WORK ORDER:
Print the first line of the records below and every line after it, up to and including the line with "have [q q_gt0". Print nothing else.

EXERCISE MATERIALS:
Lemma visits_linear_lower_bound (al u v e : R) (P : pred nat) :
  irrational al -> 0 <= v - u <= 1 -> 0 < e ->
  (forall k, mod1_in u v (k%:R * al) -> P k) ->
  exists C : R, forall n, (v - u - e) * n%:R - C <= (\sum_(0 <= k < n) P k)%:R.
Proof.
move=> al_irr /andP[w_ge0 w_le1] e_gt0 hits.
have [q q_gt0 [p]] := dirichlet_approx al_irr e_gt0.
set eta := q%:R * al - p%:~R; set d := `|eta| => /andP[d_gt0 d_lt].
set m := Num.truncn ((v - u) / d).
have m_le : m%:R * d <= v - u.
  by rewrite -ler_pdivlMr // truncn_le divr_ge0 // ltW.
have m_gt : v - u < m%:R * d + d.
  have : (v - u) / d < m%:R + 1 by rewrite natr1; apply: truncnS_gt.
  by rewrite ltr_pdivrMr // mulrDl mul1r.
exists (2 * q%:R * (m%:R + 1)) => n.
have eta_neq0 : eta != 0 by rewrite -normr_gt0.
have := visits_count_ge n eta_neq0 m_le w_le1 hits.
set N := (n %/ q)%N; set Z := Num.truncn _ => count_ge.
have Z_gt : (N%:R - 1 - m%:R) * d < Z%:R + 1 by rewrite natr1 truncnS_gt.
have n_lt : n%:R < N%:R * q%:R + q%:R :> R.
  by rewrite -natrM -natrD ltr_nat addnC -mulSn ltn_ceil.
have md_ge0 : 0 <= m%:R * d by rewrite mulr_ge0 ?ler0n ?ltW.
have qm_ge0 : 0 <= q%:R * m%:R :> R by rewrite mulr_ge0 ?ler0n.
have hZ : q%:R * m%:R * ((N%:R - 1 - m%:R) * d - 1) <= q%:R * m%:R * Z%:R.
  by apply: ler_wpM2l => //; lra.
have hN : m%:R * d * (n%:R - q%:R) <= m%:R * d * (N%:R * q%:R).
  by apply: ler_wpM2l => //; lra.
have hn : (v - u - e) * n%:R <= m%:R * d * n%:R.
  by apply: ler_wpM2r; [rewrite ler0n | lra].
have hq : q%:R * m%:R * d * (1 + m%:R) <= q%:R * (1 + m%:R).
  have -> : q%:R * m%:R * d * (1 + m%:R) = m%:R * d * (q%:R * (1 + m%:R)) by ring.
  by rewrite ler_piMl ?mulr_ge0 ?addr_ge0 ?ler0n //; lra.
have cnt : q%:R * (Z%:R * m%:R) <= (\sum_(0 <= k < n) P k)%:R :> R.
  by rewrite -!natrM ler_nat.
nra.
Qed.

Lemma eventually_ratio_ge {c C e : R} {x : nat -> R} :
  (forall n, c * n%:R - C <= x n) -> 0 < e ->
  exists N0 : nat, forall n, (N0 <= n)%N -> c - e <= x n / n%:R.
Proof.
move=> x_ge e_gt0; exists (Num.truncn (C / e)).+1 => n le_n.
have n_gt0 : 0 < n%:R :> R by rewrite ltr0n (leq_trans _ le_n).
have : C / e < n%:R by rewrite (lt_le_trans (truncnS_gt _)) ?ler_nat.
rewrite ler_pdivlMr // ltr_pdivrMr // => C_lt; have := x_ge n; nra.
Qed.

Lemma visits_lower_density {al u v e : R} {P : pred nat} {K0 : nat} :
  irrational al -> 0 <= v - u <= 1 -> 0 < e ->
  (forall k, (K0 <= k)%N -> mod1_in u v (k%:R * al) -> P k) ->
  exists N0 : nat, forall n, (N0 <= n)%N ->
    v - u - e <= (\sum_(1 <= k < n.+1) P k)%:R / n%:R.
Proof.
move=> al_irr w_itv e_gt0 hits; have e2_gt0 : 0 < e / 2 by rewrite divr_gt0.
pose P' := [pred k | P k || (k < K0)%N].
have hits' k : mod1_in u v (k%:R * al) -> P' k.
  move=> hit; rewrite inE /=.
  by case: (ltnP k K0) => [_|ge]; rewrite ?orbT // orbF hits.
have [C count_ge] :=
  @visits_linear_lower_bound al u v (e / 2) P' al_irr w_itv e2_gt0 hits'.
have P'_le n : (\sum_(0 <= k < n) P' k <= \sum_(1 <= k < n.+1) P k + K0 + 1)%N.
  have le_split : (\sum_(0 <= k < n) P' k <= \sum_(0 <= k < n) P k + K0)%N.
    apply: (@leq_trans (\sum_(0 <= k < n) (P k + (k < K0)%N))).
      by apply: leq_sum => k _; rewrite inE; case: (P k); case: (k < K0)%N.
    by rewrite big_split /= sum_ltn_min leq_add2l geq_minr.
  have le_shift : (\sum_(0 <= k < n) P k <= \sum_(1 <= k < n.+1) P k + 1)%N.
    apply: (@leq_trans (\sum_(0 <= k < n.+1) P k)).
      by rewrite big_nat_recr //= leq_addr.
    by rewrite big_ltn // addnC leq_add2l leq_b1.
  lia.
have lin n : (v - u - e / 2) * n%:R - (C + K0%:R + 1)
    <= (\sum_(1 <= k < n.+1) P k)%:R.
  by have := count_ge n; have := P'_le n; rewrite -(ler_nat R) !natrD; lra.
have [N0 ratio_ge] := eventually_ratio_ge lin e2_gt0.
by exists N0 => n /ratio_ge; lra.
Qed.

End LowerDensity.

Section LogPhi.
Context {R : realType}.

Definition logphi (x : R) : R := ln x / ln phi.

Definition beta : R := logphi (1 + phi ^-2).

Lemma ln_phi_gt0 : 0 < ln (phi : R).
Proof. exact: ln_gt0 phi_gt1. Qed.

Lemma phi_powRE (x : R) : phi `^ x = expR (x * ln phi) :> R.
Proof. by rewrite /powR gt_eqF ?phi_gt0. Qed.

Lemma phi_powR_logphi (x : R) : 0 < x -> phi `^ logphi x = x.
Proof. by move=> x_gt0; rewrite phi_powRE divfK ?gt_eqF ?ln_phi_gt0 ?lnK. Qed.

Lemma phi_powR_gt1 (x : R) : (1 < phi `^ x) = (0 < x).
Proof. by rewrite phi_powRE expR_gt1 pmulr_lgt0 ?ln_phi_gt0. Qed.
Lemma count_ge_nth_decr s i : sorted geq s -> i < size s ->
  i.+1 <= count (fun a => nth 0 s i <= a) s.
Proof.
move=> s_decr i_lt; rewrite -[X in count _ X](cat_take_drop i.+1 s) count_cat.
have size_take_i : size (take i.+1 s) = i.+1 by rewrite size_takel.
have all_ge : all (fun a => nth 0 s i <= a) (take i.+1 s).
  apply/(all_nthP 0) => j; rewrite size_take_i => j_lt; rewrite nth_take //.
  by apply: (sorted_leq_nth geq_trans leqnn) => //; rewrite inE; lia.
by move: all_ge; rewrite all_count size_take_i => /eqP ->; rewrite leq_addr.
Qed.

Lemma naples_pf_decrE n k s :
  size s = n -> all (fun a => 0 < a <= n) s -> sorted geq s ->
  is_naples_pf n k s <-> (forall i, i < n -> nth 0 s i + i <= n + k).
Proof.
move=> size_s s_range s_decr.
rewrite /is_naples_pf size_s eqxx s_range /=; split; last first.
  by move=> bound; apply: naples_park_of_bound; rewrite ?size_s.
case E: (naples_park n k [::] s) => [occ|] // _ i i_lt.
rewrite leqNgt; apply/negP => too_big.
have := naples_park_count (n.+1 - i) E isT s_range.
have := @count_ge_nth_decr s i s_decr; rewrite size_s => /(_ i_lt).
have ge_ai_big : subpred (fun a => nth 0 s i <= a) (fun a => n.+1 - i + k <= a).
  by move=> a /=; lia.
have := sub_count ge_ai_big s; rewrite /=; lia.
Qed.

Fixpoint heights (h : nat) (p : seq bool) : seq nat :=
  match p with
  | [::] => [::]
  | true :: p' => h.+1 :: heights h p'
  | false :: p' => heights h.-1 p'
  end.

Lemma heights_nseq_false h m p : heights h (nseq m false ++ p) = heights (h - m) p.
Proof. by elim: m h => [|m IHm] h /=; rewrite ?subn0 // IHm; congr heights; lia. Qed.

OUTPUT OF THE EXERCISE:
Lemma visits_linear_lower_bound (al u v e : R) (P : pred nat) :
  irrational al -> 0 <= v - u <= 1 -> 0 < e ->
  (forall k, mod1_in u v (k%:R * al) -> P k) ->
  exists C : R, forall n, (v - u - e) * n%:R - C <= (\sum_(0 <= k < n) P k)%:R.
Proof.
move=> al_irr /andP[w_ge0 w_le1] e_gt0 hits.
have [q q_gt0 [p]] := dirichlet_approx al_irr e_gt0.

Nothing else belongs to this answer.